■ What the task asks ■
The stretch from the line with "(a != b) ==> has" through the line with "Definition transversals (W" in the records below: write it out exactly, and nothing else.
*** Material to process ***
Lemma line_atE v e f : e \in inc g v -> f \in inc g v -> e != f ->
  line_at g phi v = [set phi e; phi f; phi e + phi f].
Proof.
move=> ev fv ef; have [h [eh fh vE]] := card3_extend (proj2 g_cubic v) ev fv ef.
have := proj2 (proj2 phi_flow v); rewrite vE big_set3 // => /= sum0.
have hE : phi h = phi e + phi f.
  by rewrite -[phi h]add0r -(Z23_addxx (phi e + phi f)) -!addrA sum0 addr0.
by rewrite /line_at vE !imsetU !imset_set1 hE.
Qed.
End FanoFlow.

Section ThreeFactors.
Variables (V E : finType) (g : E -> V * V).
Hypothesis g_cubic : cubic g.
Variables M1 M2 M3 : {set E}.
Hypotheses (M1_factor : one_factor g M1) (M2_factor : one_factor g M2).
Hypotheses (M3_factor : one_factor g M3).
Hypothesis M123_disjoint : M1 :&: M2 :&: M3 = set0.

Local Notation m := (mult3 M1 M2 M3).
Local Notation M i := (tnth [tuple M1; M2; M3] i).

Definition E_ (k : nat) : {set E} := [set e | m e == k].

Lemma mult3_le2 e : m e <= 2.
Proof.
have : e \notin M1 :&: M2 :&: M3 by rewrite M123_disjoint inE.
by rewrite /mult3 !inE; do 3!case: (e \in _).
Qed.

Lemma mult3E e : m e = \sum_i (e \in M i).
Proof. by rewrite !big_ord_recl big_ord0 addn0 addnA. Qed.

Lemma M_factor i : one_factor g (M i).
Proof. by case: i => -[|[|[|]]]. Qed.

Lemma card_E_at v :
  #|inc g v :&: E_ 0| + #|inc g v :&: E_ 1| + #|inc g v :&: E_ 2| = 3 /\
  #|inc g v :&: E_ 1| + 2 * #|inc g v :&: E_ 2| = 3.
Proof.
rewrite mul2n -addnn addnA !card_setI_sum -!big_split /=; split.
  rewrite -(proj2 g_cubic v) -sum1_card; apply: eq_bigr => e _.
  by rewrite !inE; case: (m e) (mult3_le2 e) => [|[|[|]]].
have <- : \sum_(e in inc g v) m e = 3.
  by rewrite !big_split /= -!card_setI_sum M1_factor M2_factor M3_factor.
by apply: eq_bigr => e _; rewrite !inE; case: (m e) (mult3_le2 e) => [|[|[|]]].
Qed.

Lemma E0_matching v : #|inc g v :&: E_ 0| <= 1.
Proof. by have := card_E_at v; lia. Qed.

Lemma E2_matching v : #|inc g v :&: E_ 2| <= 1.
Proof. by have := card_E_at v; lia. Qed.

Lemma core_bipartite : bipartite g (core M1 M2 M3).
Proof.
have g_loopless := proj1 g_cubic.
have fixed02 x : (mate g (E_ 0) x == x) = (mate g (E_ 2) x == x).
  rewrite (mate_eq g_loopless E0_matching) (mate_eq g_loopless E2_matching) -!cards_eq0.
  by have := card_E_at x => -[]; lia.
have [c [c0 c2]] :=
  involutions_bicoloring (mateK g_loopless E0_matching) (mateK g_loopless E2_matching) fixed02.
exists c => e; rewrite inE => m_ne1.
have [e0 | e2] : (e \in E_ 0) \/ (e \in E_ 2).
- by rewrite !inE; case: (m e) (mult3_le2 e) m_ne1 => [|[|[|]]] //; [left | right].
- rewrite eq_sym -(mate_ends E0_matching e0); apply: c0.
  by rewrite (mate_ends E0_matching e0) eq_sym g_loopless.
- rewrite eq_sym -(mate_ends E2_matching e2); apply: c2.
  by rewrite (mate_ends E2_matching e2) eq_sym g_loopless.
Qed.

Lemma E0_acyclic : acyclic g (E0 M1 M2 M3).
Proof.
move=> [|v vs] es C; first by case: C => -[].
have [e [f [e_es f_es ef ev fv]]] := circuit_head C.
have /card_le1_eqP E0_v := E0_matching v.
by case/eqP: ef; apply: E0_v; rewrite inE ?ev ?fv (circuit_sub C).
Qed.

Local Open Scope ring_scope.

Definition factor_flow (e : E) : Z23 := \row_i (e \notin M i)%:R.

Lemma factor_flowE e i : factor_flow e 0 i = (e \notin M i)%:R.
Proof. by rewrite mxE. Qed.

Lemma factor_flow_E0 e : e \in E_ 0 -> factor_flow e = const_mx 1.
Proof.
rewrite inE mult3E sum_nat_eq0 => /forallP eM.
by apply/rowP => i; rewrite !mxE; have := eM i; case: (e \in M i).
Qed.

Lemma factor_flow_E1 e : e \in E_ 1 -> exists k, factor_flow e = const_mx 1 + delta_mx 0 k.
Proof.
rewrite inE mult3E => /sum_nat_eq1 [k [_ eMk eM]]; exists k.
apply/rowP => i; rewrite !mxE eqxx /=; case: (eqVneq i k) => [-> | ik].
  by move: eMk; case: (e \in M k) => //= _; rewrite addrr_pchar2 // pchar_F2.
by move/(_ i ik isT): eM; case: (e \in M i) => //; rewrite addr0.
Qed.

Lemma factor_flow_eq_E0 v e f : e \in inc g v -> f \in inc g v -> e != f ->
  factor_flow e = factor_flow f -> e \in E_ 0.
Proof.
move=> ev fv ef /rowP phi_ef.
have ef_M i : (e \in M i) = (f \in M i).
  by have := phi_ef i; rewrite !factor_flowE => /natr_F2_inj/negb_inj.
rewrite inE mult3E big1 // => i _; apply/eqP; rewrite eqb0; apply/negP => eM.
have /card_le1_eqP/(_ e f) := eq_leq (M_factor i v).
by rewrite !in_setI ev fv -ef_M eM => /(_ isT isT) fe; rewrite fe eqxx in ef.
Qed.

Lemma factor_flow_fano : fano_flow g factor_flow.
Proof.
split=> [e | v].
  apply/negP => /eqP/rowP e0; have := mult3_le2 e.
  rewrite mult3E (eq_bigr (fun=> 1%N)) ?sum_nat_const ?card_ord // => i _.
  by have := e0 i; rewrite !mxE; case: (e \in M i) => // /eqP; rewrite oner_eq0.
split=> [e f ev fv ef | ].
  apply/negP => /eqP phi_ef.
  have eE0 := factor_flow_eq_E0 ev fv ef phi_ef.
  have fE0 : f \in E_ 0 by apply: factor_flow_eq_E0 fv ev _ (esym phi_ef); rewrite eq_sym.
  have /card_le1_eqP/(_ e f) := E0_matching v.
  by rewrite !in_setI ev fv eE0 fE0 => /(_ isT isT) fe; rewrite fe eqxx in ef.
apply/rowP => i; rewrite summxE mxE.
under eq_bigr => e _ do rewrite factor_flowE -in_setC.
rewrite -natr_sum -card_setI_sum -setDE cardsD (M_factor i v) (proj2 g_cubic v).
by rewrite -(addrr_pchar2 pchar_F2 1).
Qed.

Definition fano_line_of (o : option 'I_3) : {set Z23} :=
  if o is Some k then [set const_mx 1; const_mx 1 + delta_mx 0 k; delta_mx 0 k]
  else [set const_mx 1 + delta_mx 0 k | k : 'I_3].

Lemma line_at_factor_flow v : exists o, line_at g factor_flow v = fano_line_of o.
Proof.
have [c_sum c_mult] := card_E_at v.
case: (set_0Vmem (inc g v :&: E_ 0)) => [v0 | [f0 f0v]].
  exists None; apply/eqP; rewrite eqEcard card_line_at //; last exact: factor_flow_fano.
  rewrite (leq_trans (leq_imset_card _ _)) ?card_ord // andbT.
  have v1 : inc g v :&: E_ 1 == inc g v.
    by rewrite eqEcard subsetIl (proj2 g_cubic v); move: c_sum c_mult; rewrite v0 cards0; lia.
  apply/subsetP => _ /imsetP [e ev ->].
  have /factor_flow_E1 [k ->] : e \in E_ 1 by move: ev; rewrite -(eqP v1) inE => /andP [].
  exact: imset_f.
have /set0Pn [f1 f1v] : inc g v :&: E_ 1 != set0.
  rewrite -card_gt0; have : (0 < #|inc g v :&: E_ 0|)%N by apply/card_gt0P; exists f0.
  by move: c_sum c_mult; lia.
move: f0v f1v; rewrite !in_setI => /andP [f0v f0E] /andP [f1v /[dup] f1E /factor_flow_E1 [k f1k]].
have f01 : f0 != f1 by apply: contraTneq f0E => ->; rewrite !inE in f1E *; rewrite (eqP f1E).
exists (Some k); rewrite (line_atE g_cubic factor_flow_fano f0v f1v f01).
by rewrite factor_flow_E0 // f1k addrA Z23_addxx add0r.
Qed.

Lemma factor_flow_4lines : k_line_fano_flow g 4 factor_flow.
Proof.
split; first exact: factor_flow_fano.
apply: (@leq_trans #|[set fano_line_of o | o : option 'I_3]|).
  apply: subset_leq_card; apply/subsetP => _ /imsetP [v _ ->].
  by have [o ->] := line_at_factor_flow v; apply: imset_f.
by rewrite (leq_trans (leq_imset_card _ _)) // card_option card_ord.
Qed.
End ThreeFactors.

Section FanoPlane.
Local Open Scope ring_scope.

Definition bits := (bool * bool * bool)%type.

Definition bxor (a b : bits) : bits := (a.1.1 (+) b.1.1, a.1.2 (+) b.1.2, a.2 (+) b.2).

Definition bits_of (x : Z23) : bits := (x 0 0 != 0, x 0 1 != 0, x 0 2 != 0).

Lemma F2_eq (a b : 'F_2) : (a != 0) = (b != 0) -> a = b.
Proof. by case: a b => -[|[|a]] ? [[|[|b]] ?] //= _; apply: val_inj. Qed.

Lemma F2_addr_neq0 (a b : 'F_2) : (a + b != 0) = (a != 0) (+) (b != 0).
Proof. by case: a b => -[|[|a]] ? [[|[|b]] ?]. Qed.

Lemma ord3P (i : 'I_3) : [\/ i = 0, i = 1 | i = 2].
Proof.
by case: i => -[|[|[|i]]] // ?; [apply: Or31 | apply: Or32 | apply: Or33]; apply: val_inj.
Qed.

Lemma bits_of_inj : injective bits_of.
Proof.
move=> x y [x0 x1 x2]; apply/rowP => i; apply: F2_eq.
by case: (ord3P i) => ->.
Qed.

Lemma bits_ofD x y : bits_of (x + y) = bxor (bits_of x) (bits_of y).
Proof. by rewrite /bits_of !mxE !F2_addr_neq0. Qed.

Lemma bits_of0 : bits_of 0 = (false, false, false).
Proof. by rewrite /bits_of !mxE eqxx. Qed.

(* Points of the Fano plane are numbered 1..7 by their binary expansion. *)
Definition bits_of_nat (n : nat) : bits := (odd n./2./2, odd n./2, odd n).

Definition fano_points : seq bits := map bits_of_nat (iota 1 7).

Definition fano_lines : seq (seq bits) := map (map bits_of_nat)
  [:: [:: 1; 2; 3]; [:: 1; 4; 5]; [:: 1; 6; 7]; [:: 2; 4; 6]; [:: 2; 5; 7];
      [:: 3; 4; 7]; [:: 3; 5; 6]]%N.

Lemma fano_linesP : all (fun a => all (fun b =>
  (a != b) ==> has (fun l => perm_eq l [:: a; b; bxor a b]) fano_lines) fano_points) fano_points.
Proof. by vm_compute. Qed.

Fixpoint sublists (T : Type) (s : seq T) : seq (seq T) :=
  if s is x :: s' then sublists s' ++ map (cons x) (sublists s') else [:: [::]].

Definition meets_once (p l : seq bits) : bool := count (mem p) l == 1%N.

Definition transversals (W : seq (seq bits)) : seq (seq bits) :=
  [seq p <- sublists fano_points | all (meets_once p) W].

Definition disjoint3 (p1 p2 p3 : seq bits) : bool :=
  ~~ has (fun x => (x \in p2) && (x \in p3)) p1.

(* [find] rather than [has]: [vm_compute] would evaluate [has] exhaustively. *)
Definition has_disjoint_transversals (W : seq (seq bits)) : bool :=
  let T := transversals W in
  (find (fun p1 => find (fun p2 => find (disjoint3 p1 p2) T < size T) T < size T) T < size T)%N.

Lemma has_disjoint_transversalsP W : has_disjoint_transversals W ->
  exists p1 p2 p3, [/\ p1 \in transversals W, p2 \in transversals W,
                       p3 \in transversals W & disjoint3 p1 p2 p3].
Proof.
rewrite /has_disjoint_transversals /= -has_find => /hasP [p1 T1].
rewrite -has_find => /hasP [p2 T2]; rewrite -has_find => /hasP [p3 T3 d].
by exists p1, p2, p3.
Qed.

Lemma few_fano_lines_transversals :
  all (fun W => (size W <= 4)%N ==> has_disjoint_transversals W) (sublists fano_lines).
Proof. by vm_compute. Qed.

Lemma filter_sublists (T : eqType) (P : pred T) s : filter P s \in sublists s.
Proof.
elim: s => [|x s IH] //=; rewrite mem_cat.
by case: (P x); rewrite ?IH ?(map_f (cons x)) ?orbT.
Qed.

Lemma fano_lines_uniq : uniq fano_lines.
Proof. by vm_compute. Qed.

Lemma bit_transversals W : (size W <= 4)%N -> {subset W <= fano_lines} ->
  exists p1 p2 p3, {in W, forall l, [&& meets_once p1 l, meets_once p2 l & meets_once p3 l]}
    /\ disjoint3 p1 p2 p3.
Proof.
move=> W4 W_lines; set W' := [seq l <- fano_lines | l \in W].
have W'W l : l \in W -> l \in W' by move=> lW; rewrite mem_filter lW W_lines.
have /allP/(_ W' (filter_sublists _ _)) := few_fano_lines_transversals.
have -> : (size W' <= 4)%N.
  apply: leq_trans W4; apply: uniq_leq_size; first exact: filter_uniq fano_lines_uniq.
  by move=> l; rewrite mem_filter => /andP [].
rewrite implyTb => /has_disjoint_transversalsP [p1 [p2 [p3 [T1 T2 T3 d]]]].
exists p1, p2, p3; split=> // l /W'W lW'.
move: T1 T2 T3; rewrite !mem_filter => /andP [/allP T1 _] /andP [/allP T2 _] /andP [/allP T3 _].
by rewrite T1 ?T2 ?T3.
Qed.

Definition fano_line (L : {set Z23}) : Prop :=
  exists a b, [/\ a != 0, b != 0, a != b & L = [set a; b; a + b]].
*** End of Material to process ***
■ Solution to the problem ■
  (a != b) ==> has (fun l => perm_eq l [:: a; b; bxor a b]) fano_lines) fano_points) fano_points.
Proof. by vm_compute. Qed.

Fixpoint sublists (T : Type) (s : seq T) : seq (seq T) :=
  if s is x :: s' then sublists s' ++ map (cons x) (sublists s') else [:: [::]].

Definition meets_once (p l : seq bits) : bool := count (mem p) l == 1%N.

Definition transversals (W : seq (seq bits)) : seq (seq bits) :=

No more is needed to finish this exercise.